(Collected data)

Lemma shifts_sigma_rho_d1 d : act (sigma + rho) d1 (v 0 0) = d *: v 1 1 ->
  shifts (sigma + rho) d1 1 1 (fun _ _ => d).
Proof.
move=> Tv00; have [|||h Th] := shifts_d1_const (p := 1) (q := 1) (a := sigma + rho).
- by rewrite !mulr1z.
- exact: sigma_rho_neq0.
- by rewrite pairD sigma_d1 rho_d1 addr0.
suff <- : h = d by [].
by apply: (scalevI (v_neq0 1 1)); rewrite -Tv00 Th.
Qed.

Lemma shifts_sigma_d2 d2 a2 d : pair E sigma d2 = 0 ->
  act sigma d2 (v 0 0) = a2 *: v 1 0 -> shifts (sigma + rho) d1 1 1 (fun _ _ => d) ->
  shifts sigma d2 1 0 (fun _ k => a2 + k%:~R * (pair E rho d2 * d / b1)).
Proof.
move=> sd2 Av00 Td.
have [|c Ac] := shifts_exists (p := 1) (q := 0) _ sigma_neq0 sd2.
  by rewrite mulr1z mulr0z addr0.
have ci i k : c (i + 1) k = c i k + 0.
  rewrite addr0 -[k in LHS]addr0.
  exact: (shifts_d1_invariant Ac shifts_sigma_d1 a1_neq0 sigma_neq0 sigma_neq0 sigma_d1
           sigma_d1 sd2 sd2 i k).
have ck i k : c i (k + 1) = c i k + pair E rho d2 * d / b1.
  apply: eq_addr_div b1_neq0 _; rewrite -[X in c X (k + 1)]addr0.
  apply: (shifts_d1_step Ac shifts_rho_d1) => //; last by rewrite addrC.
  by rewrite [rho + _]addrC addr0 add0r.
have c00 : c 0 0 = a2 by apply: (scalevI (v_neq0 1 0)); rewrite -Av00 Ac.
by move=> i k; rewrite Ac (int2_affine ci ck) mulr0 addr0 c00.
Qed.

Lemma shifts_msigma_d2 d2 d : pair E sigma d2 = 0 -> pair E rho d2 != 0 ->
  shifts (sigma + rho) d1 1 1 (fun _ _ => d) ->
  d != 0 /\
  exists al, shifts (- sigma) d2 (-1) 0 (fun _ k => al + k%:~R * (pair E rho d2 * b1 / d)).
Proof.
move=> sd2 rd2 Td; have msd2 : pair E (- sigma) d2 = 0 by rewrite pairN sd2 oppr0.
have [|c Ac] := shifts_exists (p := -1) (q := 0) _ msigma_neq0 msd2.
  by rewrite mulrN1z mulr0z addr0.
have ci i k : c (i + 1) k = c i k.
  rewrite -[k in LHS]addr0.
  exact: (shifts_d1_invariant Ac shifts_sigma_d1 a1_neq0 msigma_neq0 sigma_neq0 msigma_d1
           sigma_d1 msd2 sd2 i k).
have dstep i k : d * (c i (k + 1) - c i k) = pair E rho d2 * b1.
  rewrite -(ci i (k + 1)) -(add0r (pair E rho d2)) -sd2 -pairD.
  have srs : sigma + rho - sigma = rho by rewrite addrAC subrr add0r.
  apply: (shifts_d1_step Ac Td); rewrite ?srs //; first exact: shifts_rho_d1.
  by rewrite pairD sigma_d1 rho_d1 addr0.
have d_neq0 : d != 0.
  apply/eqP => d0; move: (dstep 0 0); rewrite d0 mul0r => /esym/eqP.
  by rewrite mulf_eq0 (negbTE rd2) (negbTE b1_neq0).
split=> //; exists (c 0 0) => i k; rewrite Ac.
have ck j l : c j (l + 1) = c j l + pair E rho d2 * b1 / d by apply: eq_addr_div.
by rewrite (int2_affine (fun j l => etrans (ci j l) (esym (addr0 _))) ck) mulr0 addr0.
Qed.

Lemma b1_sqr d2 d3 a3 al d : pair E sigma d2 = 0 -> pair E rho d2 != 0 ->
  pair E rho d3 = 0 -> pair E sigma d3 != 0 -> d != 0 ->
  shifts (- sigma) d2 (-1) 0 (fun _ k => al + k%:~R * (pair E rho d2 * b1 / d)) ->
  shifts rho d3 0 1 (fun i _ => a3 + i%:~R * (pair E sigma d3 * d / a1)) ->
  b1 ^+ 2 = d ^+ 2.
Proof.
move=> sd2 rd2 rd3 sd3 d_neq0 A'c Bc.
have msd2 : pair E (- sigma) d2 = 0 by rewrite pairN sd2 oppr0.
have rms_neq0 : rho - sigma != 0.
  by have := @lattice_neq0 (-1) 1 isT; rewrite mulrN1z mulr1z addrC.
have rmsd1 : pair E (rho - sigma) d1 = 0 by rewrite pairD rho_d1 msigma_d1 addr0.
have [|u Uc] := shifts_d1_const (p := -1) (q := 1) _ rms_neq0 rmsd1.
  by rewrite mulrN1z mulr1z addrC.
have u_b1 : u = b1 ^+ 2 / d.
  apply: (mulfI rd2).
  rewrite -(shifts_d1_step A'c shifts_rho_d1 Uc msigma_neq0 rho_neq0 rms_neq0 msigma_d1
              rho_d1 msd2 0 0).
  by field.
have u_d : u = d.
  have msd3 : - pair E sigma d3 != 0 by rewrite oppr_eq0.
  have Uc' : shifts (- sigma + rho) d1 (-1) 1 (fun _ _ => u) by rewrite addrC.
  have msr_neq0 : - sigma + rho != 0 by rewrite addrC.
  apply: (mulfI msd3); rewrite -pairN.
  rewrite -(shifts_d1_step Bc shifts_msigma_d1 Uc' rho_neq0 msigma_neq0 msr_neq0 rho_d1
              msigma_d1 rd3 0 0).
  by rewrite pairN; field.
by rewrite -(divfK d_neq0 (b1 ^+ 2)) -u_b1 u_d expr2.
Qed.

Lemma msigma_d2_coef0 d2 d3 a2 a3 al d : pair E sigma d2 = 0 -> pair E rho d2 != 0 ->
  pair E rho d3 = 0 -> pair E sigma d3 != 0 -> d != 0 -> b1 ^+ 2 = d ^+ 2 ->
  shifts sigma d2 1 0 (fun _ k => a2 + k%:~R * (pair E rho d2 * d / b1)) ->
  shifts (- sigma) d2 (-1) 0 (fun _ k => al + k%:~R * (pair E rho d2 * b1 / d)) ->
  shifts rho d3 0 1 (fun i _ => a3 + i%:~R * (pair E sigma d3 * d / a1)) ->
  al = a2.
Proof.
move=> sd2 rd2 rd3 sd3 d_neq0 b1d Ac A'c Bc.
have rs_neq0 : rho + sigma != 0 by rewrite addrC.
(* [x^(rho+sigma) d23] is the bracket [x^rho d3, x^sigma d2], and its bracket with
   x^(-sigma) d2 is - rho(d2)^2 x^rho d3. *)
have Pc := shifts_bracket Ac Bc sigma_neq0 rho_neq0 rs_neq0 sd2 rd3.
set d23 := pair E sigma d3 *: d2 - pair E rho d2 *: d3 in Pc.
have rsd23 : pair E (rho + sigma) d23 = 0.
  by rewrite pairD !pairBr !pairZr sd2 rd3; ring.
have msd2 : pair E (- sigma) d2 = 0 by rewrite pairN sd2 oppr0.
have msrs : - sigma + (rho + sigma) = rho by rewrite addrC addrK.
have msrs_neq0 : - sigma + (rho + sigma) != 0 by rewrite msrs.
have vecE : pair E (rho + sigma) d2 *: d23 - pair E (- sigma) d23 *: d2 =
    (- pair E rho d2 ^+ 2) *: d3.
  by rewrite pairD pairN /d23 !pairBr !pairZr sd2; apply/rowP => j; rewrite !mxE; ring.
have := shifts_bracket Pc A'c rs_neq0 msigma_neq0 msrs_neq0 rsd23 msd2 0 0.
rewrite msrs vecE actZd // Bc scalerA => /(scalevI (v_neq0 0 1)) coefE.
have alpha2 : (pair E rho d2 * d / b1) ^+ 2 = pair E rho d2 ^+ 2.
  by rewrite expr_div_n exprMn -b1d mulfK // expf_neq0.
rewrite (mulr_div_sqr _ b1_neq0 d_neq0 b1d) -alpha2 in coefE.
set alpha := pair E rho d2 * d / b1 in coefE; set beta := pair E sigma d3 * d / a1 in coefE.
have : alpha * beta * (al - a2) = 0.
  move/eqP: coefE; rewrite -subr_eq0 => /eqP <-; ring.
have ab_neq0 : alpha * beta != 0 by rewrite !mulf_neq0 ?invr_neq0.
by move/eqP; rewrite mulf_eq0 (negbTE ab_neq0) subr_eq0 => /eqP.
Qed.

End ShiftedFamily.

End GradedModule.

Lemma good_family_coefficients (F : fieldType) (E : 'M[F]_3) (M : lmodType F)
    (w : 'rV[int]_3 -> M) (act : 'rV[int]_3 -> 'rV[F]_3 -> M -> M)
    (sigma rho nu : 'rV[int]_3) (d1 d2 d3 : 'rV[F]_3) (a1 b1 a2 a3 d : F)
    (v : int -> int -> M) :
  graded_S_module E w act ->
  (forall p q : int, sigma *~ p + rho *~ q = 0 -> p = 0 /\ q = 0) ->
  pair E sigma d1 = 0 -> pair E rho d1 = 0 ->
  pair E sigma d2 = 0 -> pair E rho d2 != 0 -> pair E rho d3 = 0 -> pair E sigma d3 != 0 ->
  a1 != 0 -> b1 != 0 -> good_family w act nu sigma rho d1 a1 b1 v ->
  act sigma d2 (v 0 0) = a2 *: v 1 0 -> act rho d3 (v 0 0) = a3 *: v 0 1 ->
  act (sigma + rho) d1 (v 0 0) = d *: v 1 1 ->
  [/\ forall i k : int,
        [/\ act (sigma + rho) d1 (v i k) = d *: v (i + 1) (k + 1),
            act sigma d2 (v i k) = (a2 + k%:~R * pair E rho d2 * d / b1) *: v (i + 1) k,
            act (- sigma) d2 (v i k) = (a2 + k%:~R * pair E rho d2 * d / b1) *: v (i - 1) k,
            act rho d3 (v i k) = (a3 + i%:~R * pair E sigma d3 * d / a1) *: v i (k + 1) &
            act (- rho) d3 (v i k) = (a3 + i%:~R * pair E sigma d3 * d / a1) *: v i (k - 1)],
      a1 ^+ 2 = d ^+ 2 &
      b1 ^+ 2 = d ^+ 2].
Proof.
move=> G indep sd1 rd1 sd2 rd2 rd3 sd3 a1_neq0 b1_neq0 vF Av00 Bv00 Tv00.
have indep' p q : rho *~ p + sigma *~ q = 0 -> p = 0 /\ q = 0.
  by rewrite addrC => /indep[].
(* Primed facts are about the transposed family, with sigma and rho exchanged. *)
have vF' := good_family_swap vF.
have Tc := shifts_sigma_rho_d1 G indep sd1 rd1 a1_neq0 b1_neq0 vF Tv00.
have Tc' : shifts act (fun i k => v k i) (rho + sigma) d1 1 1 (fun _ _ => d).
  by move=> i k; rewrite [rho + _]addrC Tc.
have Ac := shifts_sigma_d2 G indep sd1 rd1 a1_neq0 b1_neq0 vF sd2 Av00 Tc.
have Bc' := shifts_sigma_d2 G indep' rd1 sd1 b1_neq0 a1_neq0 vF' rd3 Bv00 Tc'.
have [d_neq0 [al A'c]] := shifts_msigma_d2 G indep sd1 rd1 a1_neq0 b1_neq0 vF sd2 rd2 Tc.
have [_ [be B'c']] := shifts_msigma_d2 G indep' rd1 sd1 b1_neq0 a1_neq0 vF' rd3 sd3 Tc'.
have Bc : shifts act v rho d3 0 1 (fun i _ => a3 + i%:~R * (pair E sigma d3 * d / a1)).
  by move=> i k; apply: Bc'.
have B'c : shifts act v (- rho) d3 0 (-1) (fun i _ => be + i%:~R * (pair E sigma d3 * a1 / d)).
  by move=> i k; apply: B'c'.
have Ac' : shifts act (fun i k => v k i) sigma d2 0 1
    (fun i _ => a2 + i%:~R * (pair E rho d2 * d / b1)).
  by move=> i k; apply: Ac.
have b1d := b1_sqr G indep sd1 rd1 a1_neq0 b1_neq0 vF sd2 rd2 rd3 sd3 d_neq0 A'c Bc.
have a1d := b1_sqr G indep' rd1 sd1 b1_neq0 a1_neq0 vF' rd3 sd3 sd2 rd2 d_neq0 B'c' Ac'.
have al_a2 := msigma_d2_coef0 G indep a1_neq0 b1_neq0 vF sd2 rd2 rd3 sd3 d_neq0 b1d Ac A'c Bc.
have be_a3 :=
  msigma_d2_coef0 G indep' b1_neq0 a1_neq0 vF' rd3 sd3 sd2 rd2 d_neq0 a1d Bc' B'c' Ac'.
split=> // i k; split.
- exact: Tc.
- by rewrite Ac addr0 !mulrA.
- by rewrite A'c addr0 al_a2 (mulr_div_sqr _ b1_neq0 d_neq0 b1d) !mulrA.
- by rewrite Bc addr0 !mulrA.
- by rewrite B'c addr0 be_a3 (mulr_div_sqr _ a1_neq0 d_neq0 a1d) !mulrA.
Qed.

_ASSIGNED TASK_
Verbatim output is expected for the lines from the start of the data to the line in which "suff <- : h = d by []." appears, both included.

_ANSWER BELOW_
Lemma shifts_sigma_rho_d1 d : act (sigma + rho) d1 (v 0 0) = d *: v 1 1 ->
  shifts (sigma + rho) d1 1 1 (fun _ _ => d).
Proof.
move=> Tv00; have [|||h Th] := shifts_d1_const (p := 1) (q := 1) (a := sigma + rho).
- by rewrite !mulr1z.
- exact: sigma_rho_neq0.
- by rewrite pairD sigma_d1 rho_d1 addr0.
suff <- : h = d by [].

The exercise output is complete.